[Collected data entries]
(* Let $\Gamma$ be a $\mathbb{D}_n$-symmetric billiard curve and let $H=\langle\rho,\sigma\rangle\subset\mathbb{D}_n$ be a dihedral subgroup of order $4$, generated by a rotation $\rho$ of order $2$ and a reflection $\sigma$. Let $z\in\Gamma^{\mathbb{Z}}$ be a billiard sequence of minimal period $p\ge3$ with spatiotemporal symmetry group $H(z)=H$. Then $p$ is even and exactly one of the following holds: - (I) $\rho(z_i)=z_{p/2+i}$ for all $i$, and $\sigma(z_i)=z_{k-i}$ for all $i$ for a unique $0\le k<p$. - (II) $\rho(z_i)=z_{k-i}$ for all $i$ for a unique odd $0<k<p$, and either $\sigma(z_i)=z_{p/2+i}$ for all $i$ or $(\rho\sigma)(z_i)=z_{p/2+i}$ for all $i$.
   Context: $\mathbb{D}_n=\langle R,S\rangle$, where $R$ is rotation by $2\pi/n$ and $S$ is the horizontal reflection. A $\mathbb{D}_n$-symmetric billiard curve is a $C^2$ simple closed $\mathbb{D}_n$-invariant curve bounding a strictly convex domain. A billiard sequence is $z\in\Gamma^{\mathbb{Z}}$ with $z_i\ne z_{i+1}$. $H(z)$ is the set of $h\in\mathbb{D}_n$ for which there is $k\in\mathbb{Z}$ with $h(z_i)=z_{k+i}$ for all $i$ or $h(z_i)=z_{k-i}$ for all $i$. *)

From HB Require Import structures.
From mathcomp Require Import all_boot all_order all_algebra.
From mathcomp Require Import all_classical all_reals all_analysis.
Set Implicit Arguments. Unset Strict Implicit. Unset Printing Implicit Defensive.
Import Order.TTheory GRing.Theory Num.Theory.
Import numFieldNormedType.Exports.
Local Open Scope classical_set_scope.
Local Open Scope ring_scope.

Definition pt (R : realType) := (R * R)%type.

Definition rotp (R : realType) (a : R) (q : pt R) : pt R :=
  (cos a * q.1 - sin a * q.2, sin a * q.1 + cos a * q.2).

Definition rotD (R : realType) (n j : nat) : pt R -> pt R :=
  rotp (2 * pi * j%:R / n%:R).

Definition reflS (R : realType) (q : pt R) : pt R := (q.1, - q.2).

Definition Dn (R : realType) (n : nat) : set (pt R -> pt R) :=
  [set g | exists j : nat, exists b : bool,
     g = rotD (R:=R) n j \o (if b then reflS (R:=R) else id)].

Definition is_rotation (R : realType) (n : nat) (g : pt R -> pt R) : Prop :=
  exists j : nat, g = rotD (R:=R) n j.

Definition is_reflection (R : realType) (n : nat) (g : pt R -> pt R) : Prop :=
  exists j : nat, g = rotD (R:=R) n j \o reflS (R:=R).

Definition order2 (R : realType) (g : pt R -> pt R) : Prop :=
  g \o g = id /\ g <> id.

(* The subgroup generated by a and b: the smallest set of maps containing
   id, a, b and closed under composition (in the finite group D_n this is
   the generated subgroup). *)
Inductive gen2 (R : realType) (a b : pt R -> pt R) : (pt R -> pt R) -> Prop :=
  | gen2_id : gen2 a b id
  | gen2_a : gen2 a b a
  | gen2_b : gen2 a b b
  | gen2_comp : forall f g, gen2 a b f -> gen2 a b g -> gen2 a b (f \o g).

Definition gen_subgroup (R : realType) (a b : pt R -> pt R) : set (pt R -> pt R) :=
  [set g | gen2 a b g].

Definition cmb (R : realType) (t : R) (a b : pt R) : pt R :=
  (t * a.1 + (1 - t) * b.1, t * a.2 + (1 - t) * b.2).

Definition strictly_convex (R : realType) (K : set (pt R)) : Prop :=
  forall a b, K a -> K b -> a <> b ->
    forall t : R, 0 < t < 1 -> (interior K) (cmb t a b).

Definition C2 (R : realType) (f : R -> R) : Prop :=
  (forall t, derivable f t 1) /\ (forall t, derivable (derive1 f) t 1) /\
  continuous (derive1 (derive1 f)).

Definition C2_simple_closed_curve (R : realType) (G : set (pt R)) : Prop :=
  exists (x y : R -> R) (L : R), 0 < L /\ C2 x /\ C2 y /\
    (forall t, x (t + L) = x t /\ y (t + L) = y t) /\
    (forall s t, 0 <= s < L -> 0 <= t < L -> (x s, y s) = (x t, y t) -> s = t) /\
    (forall t, (derive1 x t, derive1 y t) <> (0, 0)) /\
    G = [set (x t, y t) | t in `[0, L[%classic].

Definition Dn_billiard_curve (R : realType) (n : nat) (G : set (pt R)) : Prop :=
  C2_simple_closed_curve G /\
  (exists K : set (pt R), compact K /\ strictly_convex K /\
      G = closure K `\` interior K) /\
  (forall g, Dn (R:=R) n g -> g @` G = G).

Definition billiard_seq (R : realType) (G : set (pt R)) (z : int -> pt R) : Prop :=
  (forall i, G (z i)) /\ (forall i, z i <> z (i + 1)%R).

Definition minimal_period (R : realType) (z : int -> pt R) (p : nat) : Prop :=
  (0 < p)%N /\ (forall i, z (i + p%:Z)%R = z i) /\
  (forall q : nat, (0 < q < p)%N -> ~ (forall i, z (i + q%:Z)%R = z i)).

Definition Hsym (R : realType) (n : nat) (z : int -> pt R) : set (pt R -> pt R) :=
  [set h | Dn (R:=R) n h /\ exists k : int,
     (forall i, h (z i) = z (k + i)%R) \/ (forall i, h (z i) = z (k - i)%R)].

(* The order-2 rotation rho is the antipodal map q |-> -q, and sigma is a
   reflection in a line through the origin.  The boundary of a strictly
   convex set contains no point strictly inside one of its chords; applied to
   the chord from z_i to -z_i this shows that the only points of the curve on
   the line through 0 and z_i are z_i and -z_i.  Hence rho fixes no z_i, and
   no reflection fixes all of them.  An involution acting on z as a time
   shift by d has 2d, but not d, divisible by p: p is even and the shift is
   p/2.  An involution acting as a time reversal z_i |-> z_(k-i) without
   fixed points forces k odd and p even.  Running through the two possible
   actions of rho, and the actions of sigma and rho sigma they leave open,
   gives the two cases; two distinct elements of H cannot both act as the
   half-period shift, since their quotient would then fix every z_i. *)
From Pilot Require Import Defs.
From HB Require Import structures.
From mathcomp Require Import all_boot all_order all_algebra.
From mathcomp Require Import all_classical all_reals all_analysis.
From mathcomp Require Import zify ring lra.
Import Order.TTheory GRing.Theory Num.Theory.
Import numFieldNormedType.Exports.
Set Implicit Arguments. Unset Strict Implicit. Unset Printing Implicit Defensive.
Local Open Scope classical_set_scope.
Local Open Scope ring_scope.

Section PlaneMaps.
Variable R : realType.
Implicit Types (a c s : R) (q u v : pt R).

(* [reflp (cos a) (sin a)] is [rotp a \o reflS], the reflection in the line
   through 0 at angle a/2. *)
Definition reflp c s q : pt R := (c * q.1 + s * q.2, s * q.1 - c * q.2).

Definition cross u v : R := u.1 * v.2 - u.2 * v.1.

Lemma opp_pairE (x y : R) : - (x, y) = (- x, - y) :> pt R.
Proof. by []. Qed.

Lemma pt_opp_neq q : q <> 0 -> - q <> q.
Proof.
case: q => x y nz e; have [ex ey] : - x = x /\ - y = y by case: e.
apply: nz; have -> : x = 0 by lra.
by have -> : y = 0 by lra.
Qed.

Lemma cmb_opp c q : cmb ((1 + c) / 2) q (- q) = c *: q.
Proof.
change ((1 + c) / 2 *: q + (1 - (1 + c) / 2) *: - q = c *: q).
by rewrite scalerN -scalerBl; congr (_ *: _); lra.
Qed.

Lemma rotp_order2 a : order2 (rotp a) -> forall q, rotp a q = - q.
Proof.
case=> rot2 rot_neq.
have := congr1 (fun f => f (1, 0)) rot2; have := congr1 (fun f => f (0, 1)) rot2.
rewrite /= /rotp /=; set c := cos a; set s := sin a.
case=> h1 h2 [h3 h4].
have s0 : s = 0.
  have /eqP : s * c = 0 by nra.
  rewrite mulf_eq0 => /orP[/eqP // | /eqP c0]; rewrite c0 in h4; nra.
rewrite s0 in h1 h2 h3 h4.
have [c1 | cN1] : c = 1 \/ c = -1.
  have /eqP : (c - 1) * (c + 1) = 0 by nra.
  by rewrite mulf_eq0 => /orP[/eqP h | /eqP h]; [left | right]; lra.
- exfalso; apply: rot_neq; apply: funext => -[x y].
  by rewrite /rotp -/c -/s c1 s0 /=; congr pair; ring.
- by move=> [x y]; rewrite /rotp -/c -/s cN1 s0 opp_pairE /=; congr pair; ring.
Qed.

Lemma rotation_order2_opp n (rho : pt R -> pt R) :
  is_rotation n rho -> order2 rho -> forall q, rho q = - q.
Proof. by case=> j ->; exact: rotp_order2. Qed.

#### ABOUT THIS TASK:
Could you set down, word for word, only the lines above from the line with "gen2_b : gen2 a b b" to the line with "Definition C2 (R", including both?

#### WRITTEN ANSWER:
  | gen2_b : gen2 a b b
  | gen2_comp : forall f g, gen2 a b f -> gen2 a b g -> gen2 a b (f \o g).

Definition gen_subgroup (R : realType) (a b : pt R -> pt R) : set (pt R -> pt R) :=
  [set g | gen2 a b g].

Definition cmb (R : realType) (t : R) (a b : pt R) : pt R :=
  (t * a.1 + (1 - t) * b.1, t * a.2 + (1 - t) * b.2).

Definition strictly_convex (R : realType) (K : set (pt R)) : Prop :=
  forall a b, K a -> K b -> a <> b ->
    forall t : R, 0 < t < 1 -> (interior K) (cmb t a b).

Definition C2 (R : realType) (f : R -> R) : Prop :=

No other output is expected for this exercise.